Девушка не перевела. Ей было всего двадцать лет, но она не раз слышала о подобных историях. Когда развалилась большая страна, Запад стал помогать детям Востока. В девяностые годы огромное количество сверстников Франциска обрело новых родителей по всему континенту. О молодой независимой стране почти ничего не знали. Знали только, что рядом с ней была большая атомная электростанция и что однажды эта станция взорвалась, и значит — детям нужна помощь. Помогали не только сиротам, но и детям из обычных семей. Люди, которых даже спустя пятьдесят лет после окончания мировой войны называли главными врагами, основывали фонды, переводили гуманитарную помощь и приглашали ребят на оздоровительные каникулы. У Франциска никогда не было проблем со здоровьем, но в свое первое заграничное путешествие он отправился именно как пораженный радиацией ребенок. Это называлось «отдых в семьях». Вы открывали газету и читали объявление:
«Оздоровительный отдых в германтской семье. Три недели. 360 условных единиц».
Искренне занимаясь благотворительностью, германты не подозревали, что оплачивая чужим детям даже перелеты, они открывают целую страницу в истории частного предпринимательства молодой восточной республики.
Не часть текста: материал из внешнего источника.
Lemma ord_decr_rev (f : 'I_n -> 'I_n) :
  {homo f : i j / (i < j)%N >-> (j < i)%N} -> f =1 @rev_ord n.
Proof.
move=> f_decr i; apply: val_inj => /=.
have rev_f_rev_decr : {homo @rev_ord n \o f \o @rev_ord n : i j / (i < j)%N >-> (j < i)%N}.
  move=> j k lt_jk /=; have := ltn_ord k; have := ltn_ord (f (rev_ord k)).
  have: (rev_ord k < rev_ord j)%N by rewrite /=; have := ltn_ord k; lia.
  by move/f_decr; lia.
have := ord_decr_ge rev_f_rev_decr (rev_ord i); have := ord_decr_ge f_decr i.
by rewrite /= rev_ordK /=; have := ltn_ord (f i); lia.
Qed.

Lemma rev_perm_of_sum_eq0 (a b : 'I_n -> int) (s : 'S_n) :
  {homo a : i j / (i < j)%N >-> j < i} -> {homo b : i j / (i < j)%N >-> j < i} ->
  (forall i, a i + b (s i) = 0) -> s = rev_perm.
Proof.
move=> a_decr b_decr ab0; apply/permP => i; rewrite permE.
apply: ord_decr_rev => {}i j lt_ij; rewrite ltnNge leq_eqVlt.
have := a_decr i j lt_ij; have := ab0 i; have := ab0 j.
case: ltngtP => // [lt_s | /val_inj ->]; last lia.
by have := b_decr _ _ lt_s; lia.
Qed.

End RevPerm.

Section ConstantTerm.

Variable n : nat.
Implicit Types (a b : 'I_n -> int).

Lemma alt_mul_coef0 a b :
  {homo a : i j / (i < j)%N >-> j < i} -> {homo b : i j / (i < j)%N >-> j < i} ->
  \sum_(p : 'S_n * 'S_n | wexp p.2 (fun i => a i + b (p.1 i)) == 0)
     ((-1) ^+ p.1 : int) =
  if [forall i, a i + b (rev_ord i) == 0] then (-1) ^+ rev_perm n *+ n`! else 0.
Proof.
move=> a_decr b_decr.
rewrite (eq_bigl (fun p : 'S_n * 'S_n =>
    [forall i, a i + b (p.1 i) == 0] && predT p.2)); last first.
  by move=> p; rewrite wexp_eq0 andbT.
rewrite -(pair_big (fun s : 'S_n => [forall i, a i + b (s i) == 0]) predT
  (fun s _ => ((-1) ^+ s : int))) /=.
under eq_bigr do rewrite sumr_const card_Sn.
rewrite (eq_bigl (fun s => (s == rev_perm n) && [forall i, a i + b (rev_ord i) == 0])).
  by case: ifP => _; [rewrite (big_pred1 (rev_perm n)) | rewrite big_pred0] => // s;
    rewrite ?andbT ?andbF.
move=> s; apply/forallP/andP => [ab0 | [/eqP-> /forallP ab0] i]; last by rewrite permE.
have s_rev := rev_perm_of_sum_eq0 a_decr b_decr (fun i => eqP (ab0 i)).
by split; [apply/eqP | apply/forallP => i; have := ab0 i; rewrite s_rev permE].
Qed.

Lemma alt_mul_coef0_eq (T : eqType) (S : seq T) (g : T -> int) (a : T -> 'I_n -> int)
    (b a0 b0 : 'I_n -> int) :
  {homo a0 : i j / (i < j)%N >-> j < i} -> {homo b0 : i j / (i < j)%N >-> j < i} ->
  (forall mu, mu \in S -> {homo a mu : i j / (i < j)%N >-> j < i}) ->
  {homo b : i j / (i < j)%N >-> j < i} ->
  alt a0 * alt b0 = \sum_(mu <- S) (g mu)%:~R * (alt (a mu) * alt b) ->
  [forall i, a0 i + b0 (rev_ord i) == 0]%:R =
  \sum_(mu <- S) g mu * [forall i, a mu i + b (rev_ord i) == 0]%:R :> int.
Proof.
move=> a0_decr b0_decr a_decr b_decr.
pose c : int := (-1) ^+ rev_perm n *+ n`!.
have c_neq0 : c != 0 by rewrite mulrn_eq0 signr_eq0 orbF gtn_eqF ?fact_gt0.
rewrite alt_mul; under [RHS]eq_bigr => mu _.
  by rewrite alt_mul mulr_sumr; under eq_bigr do rewrite mulrA -intrM; over.
rewrite -(big_allpairs (F := fun q : T * ('S_n * 'S_n) =>
   (g q.1 * (-1) ^+ q.2.1)%:~R * mono (wexp q.2.2 (fun i => a q.1 i + b (q.2.1 i))))).
move/(mono_coef_eq 0); rewrite alt_mul_coef0 // big_mkcond big_allpairs big_seq.
rewrite (eq_bigr (fun mu => g mu * [forall i, a mu i + b (rev_ord i) == 0]%:R * c)).
  rewrite -/c -mulr_suml -big_seq -mulrb => coef0.
  by apply: (mulIf c_neq0); rewrite mulr_natl.
move=> mu /a_decr mu_decr; rewrite -big_mkcond /= -mulr_sumr alt_mul_coef0 // -/c.
by rewrite -mulrA mulr_natl mulrb.
Qed.

End ConstantTerm.

Lemma vandermonde_expand (R : comPzRingType) n (a : 'I_n -> R) :
  \prod_(i < n) \prod_(j < n | (i < j)%N) (a j - a i) =
  \sum_(s : 'S_n) (-1) ^+ s * \prod_(i < n) a (s i) ^+ i.
Proof.
transitivity (\det (Vandermonde n (\row_j a j))).
  by rewrite det_Vandermonde; do 2!apply: eq_bigr => ? _; rewrite !mxE.
by apply: eq_bigr => s _; congr (_ * _); apply: eq_bigr => i _; rewrite !mxE.
Qed.

Lemma subr_expz2_mulN1 (F : fieldType) (x y : F) : x != 0 -> y != 0 ->
  (x ^ 2 - y ^ 2) * (x ^ (-1) - y ^ (-1)) =
  (x ^ 1 - y ^ 1) * (x ^ (-2) - y ^ (-2)) * (x * y).
Proof.
move=> x0 y0; rewrite -!invr_expz !expr1z -!exprnP.
by field; rewrite x0 y0.
Qed.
Смышленые сограждане организовывали фонды и за символическую, как им казалось, плату отправляли детей на лечение. К германтам или кому-нибудь еще — не имело значения. Не имело значения также и то, отправлялись ли на лечение действительно нуждающиеся в оздоровлении дети или просто ребята из обеспеченных семей. Главное было заработать, сразу и как можно больше. Фантастическая рентабельность привлекала к оздоровительному бизнесу огромное количество мошенников. Едва ли не каждый день в газетах появлялись заметки с предложениями недорого и «хорошо» отправить ребенка на отдых:
«Детский отдых в семьях. Три недели. Автобус. 500 у. е.».
Так, начиная с тысяча девятьсот девяноста третьего года, каждое лето Франциск проводил у германтов. Со временем, сам того не замечая, мальчик стал говорить: «Мои германские папа и мама». Бабушка очень ревновала к этим словам, но ни разу ни вслух, ни про себя не упрекнула внука. Себестоимость счастья. За радость любимого человека нужно платить, и часто не только наличными. Бабушка знала, что не только она, но и тысячи других родителей внезапно столкнулись с подобной проблемой. Втайне от дочери Эльвира Александровна созванивалась с семьями, которые так же посылали своих детей к германтам, и все они рассказывали одно и то же: «Да, с нашим все один в один. Называет их мамой и папой. Ждет звонка. Спрашивает, когда поедет вновь. Спрашивает, может ли остаться у них на весь год. Не хочет в школу, хочет туда. Говорит, здесь серо. Говорит, противно. А что поделаешь? Они ему новые бутсы подарили и куртку, а у нас на поездку все деньги ушли, но мы нашего не ругаем, мы-то все понимаем, а что он может понимать? Он же ребенок. Дети ценят по факту. Так что тут, Эльвира Александровна, ничего уж не поделаешь. Подарки и самые красивые впечатления дарят они, а не мы…»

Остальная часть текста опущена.